__Stored data entries__.

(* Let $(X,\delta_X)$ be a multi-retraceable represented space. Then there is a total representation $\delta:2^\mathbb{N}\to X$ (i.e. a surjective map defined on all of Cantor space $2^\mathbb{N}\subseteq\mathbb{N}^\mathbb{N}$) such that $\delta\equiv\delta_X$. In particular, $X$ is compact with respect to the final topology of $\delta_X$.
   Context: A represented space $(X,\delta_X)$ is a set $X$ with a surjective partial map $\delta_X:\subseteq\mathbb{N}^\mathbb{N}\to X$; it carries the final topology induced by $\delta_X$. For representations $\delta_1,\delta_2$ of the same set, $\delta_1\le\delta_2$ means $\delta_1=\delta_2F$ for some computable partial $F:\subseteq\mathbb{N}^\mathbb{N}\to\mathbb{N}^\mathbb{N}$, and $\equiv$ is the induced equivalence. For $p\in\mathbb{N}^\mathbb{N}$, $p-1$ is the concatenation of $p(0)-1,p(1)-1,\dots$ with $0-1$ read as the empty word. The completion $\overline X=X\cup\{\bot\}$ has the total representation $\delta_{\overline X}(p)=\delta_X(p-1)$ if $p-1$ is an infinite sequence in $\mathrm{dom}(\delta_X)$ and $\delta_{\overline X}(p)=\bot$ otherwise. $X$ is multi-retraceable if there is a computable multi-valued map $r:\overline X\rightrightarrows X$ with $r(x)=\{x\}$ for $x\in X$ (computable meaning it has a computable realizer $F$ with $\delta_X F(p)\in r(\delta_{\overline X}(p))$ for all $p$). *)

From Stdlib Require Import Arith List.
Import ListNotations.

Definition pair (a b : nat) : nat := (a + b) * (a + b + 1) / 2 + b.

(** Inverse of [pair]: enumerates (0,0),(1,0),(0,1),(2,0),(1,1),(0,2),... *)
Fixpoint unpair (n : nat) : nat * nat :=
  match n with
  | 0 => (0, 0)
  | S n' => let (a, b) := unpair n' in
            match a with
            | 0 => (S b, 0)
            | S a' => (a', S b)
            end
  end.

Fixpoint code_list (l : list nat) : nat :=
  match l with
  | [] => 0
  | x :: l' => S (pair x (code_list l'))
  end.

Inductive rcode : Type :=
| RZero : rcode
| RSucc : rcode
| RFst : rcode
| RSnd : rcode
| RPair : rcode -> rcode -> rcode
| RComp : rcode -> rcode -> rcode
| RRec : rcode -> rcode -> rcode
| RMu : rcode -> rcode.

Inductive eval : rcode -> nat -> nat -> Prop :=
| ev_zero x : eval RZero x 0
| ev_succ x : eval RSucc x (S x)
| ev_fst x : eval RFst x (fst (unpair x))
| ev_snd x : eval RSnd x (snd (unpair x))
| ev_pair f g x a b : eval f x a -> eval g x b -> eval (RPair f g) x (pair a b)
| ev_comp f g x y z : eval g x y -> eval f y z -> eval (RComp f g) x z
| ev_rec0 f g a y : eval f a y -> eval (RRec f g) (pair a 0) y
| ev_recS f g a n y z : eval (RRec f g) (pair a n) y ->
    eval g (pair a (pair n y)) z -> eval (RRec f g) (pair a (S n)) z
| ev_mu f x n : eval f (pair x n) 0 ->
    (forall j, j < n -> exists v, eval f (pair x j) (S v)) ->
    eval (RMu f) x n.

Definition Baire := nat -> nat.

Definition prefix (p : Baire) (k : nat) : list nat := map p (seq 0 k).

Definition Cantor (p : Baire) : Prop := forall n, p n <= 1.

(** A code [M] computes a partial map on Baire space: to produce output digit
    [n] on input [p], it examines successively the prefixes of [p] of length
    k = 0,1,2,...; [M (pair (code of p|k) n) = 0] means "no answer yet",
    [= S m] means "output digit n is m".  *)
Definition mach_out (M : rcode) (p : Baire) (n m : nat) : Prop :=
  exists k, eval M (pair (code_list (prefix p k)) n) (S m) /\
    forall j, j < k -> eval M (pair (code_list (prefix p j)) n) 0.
* * *
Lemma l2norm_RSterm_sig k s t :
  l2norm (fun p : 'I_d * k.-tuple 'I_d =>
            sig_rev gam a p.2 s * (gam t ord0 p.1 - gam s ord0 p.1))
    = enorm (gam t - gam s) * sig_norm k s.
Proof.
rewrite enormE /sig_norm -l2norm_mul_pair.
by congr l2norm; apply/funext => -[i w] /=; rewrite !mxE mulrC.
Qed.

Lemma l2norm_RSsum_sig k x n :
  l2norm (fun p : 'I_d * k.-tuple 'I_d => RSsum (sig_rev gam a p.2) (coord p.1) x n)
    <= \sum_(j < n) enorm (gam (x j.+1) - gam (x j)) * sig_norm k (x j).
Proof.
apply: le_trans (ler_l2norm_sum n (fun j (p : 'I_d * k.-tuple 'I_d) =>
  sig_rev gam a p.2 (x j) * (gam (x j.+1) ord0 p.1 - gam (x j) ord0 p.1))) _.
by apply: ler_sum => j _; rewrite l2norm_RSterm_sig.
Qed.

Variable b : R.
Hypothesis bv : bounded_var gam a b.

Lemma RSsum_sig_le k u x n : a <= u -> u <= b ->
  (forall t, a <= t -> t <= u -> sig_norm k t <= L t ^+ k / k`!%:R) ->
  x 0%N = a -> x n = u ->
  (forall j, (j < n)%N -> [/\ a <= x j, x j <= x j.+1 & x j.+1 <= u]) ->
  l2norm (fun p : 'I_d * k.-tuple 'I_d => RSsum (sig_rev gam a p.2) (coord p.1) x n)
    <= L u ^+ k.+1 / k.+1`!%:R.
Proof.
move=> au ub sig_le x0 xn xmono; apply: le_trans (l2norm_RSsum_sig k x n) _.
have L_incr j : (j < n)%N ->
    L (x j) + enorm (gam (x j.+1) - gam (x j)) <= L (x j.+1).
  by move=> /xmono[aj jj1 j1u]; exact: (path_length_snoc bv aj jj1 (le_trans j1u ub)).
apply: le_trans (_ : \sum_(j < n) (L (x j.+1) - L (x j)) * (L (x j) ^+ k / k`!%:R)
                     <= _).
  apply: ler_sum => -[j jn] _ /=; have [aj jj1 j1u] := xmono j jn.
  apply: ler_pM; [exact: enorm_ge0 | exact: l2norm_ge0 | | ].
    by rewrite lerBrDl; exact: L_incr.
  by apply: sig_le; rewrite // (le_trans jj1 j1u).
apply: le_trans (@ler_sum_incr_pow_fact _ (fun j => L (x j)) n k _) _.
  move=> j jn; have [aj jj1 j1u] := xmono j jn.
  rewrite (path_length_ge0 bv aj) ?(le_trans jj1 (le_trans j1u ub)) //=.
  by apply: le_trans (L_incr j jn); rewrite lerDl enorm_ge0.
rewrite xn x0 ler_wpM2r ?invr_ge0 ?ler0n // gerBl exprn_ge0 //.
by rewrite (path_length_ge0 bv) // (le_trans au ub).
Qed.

__The problem__. Using the data above, repeat exactly the lines that begin at the line with "Definition Baire := nat -> nat." and end at the line with "forall j, j < k", both ends included.

__Completed exercise__.
Definition Baire := nat -> nat.

Definition prefix (p : Baire) (k : nat) : list nat := map p (seq 0 k).

Definition Cantor (p : Baire) : Prop := forall n, p n <= 1.

(** A code [M] computes a partial map on Baire space: to produce output digit
    [n] on input [p], it examines successively the prefixes of [p] of length
    k = 0,1,2,...; [M (pair (code of p|k) n) = 0] means "no answer yet",
    [= S m] means "output digit n is m".  *)
Definition mach_out (M : rcode) (p : Baire) (n m : nat) : Prop :=
  exists k, eval M (pair (code_list (prefix p k)) n) (S m) /\
    forall j, j < k -> eval M (pair (code_list (prefix p j)) n) 0.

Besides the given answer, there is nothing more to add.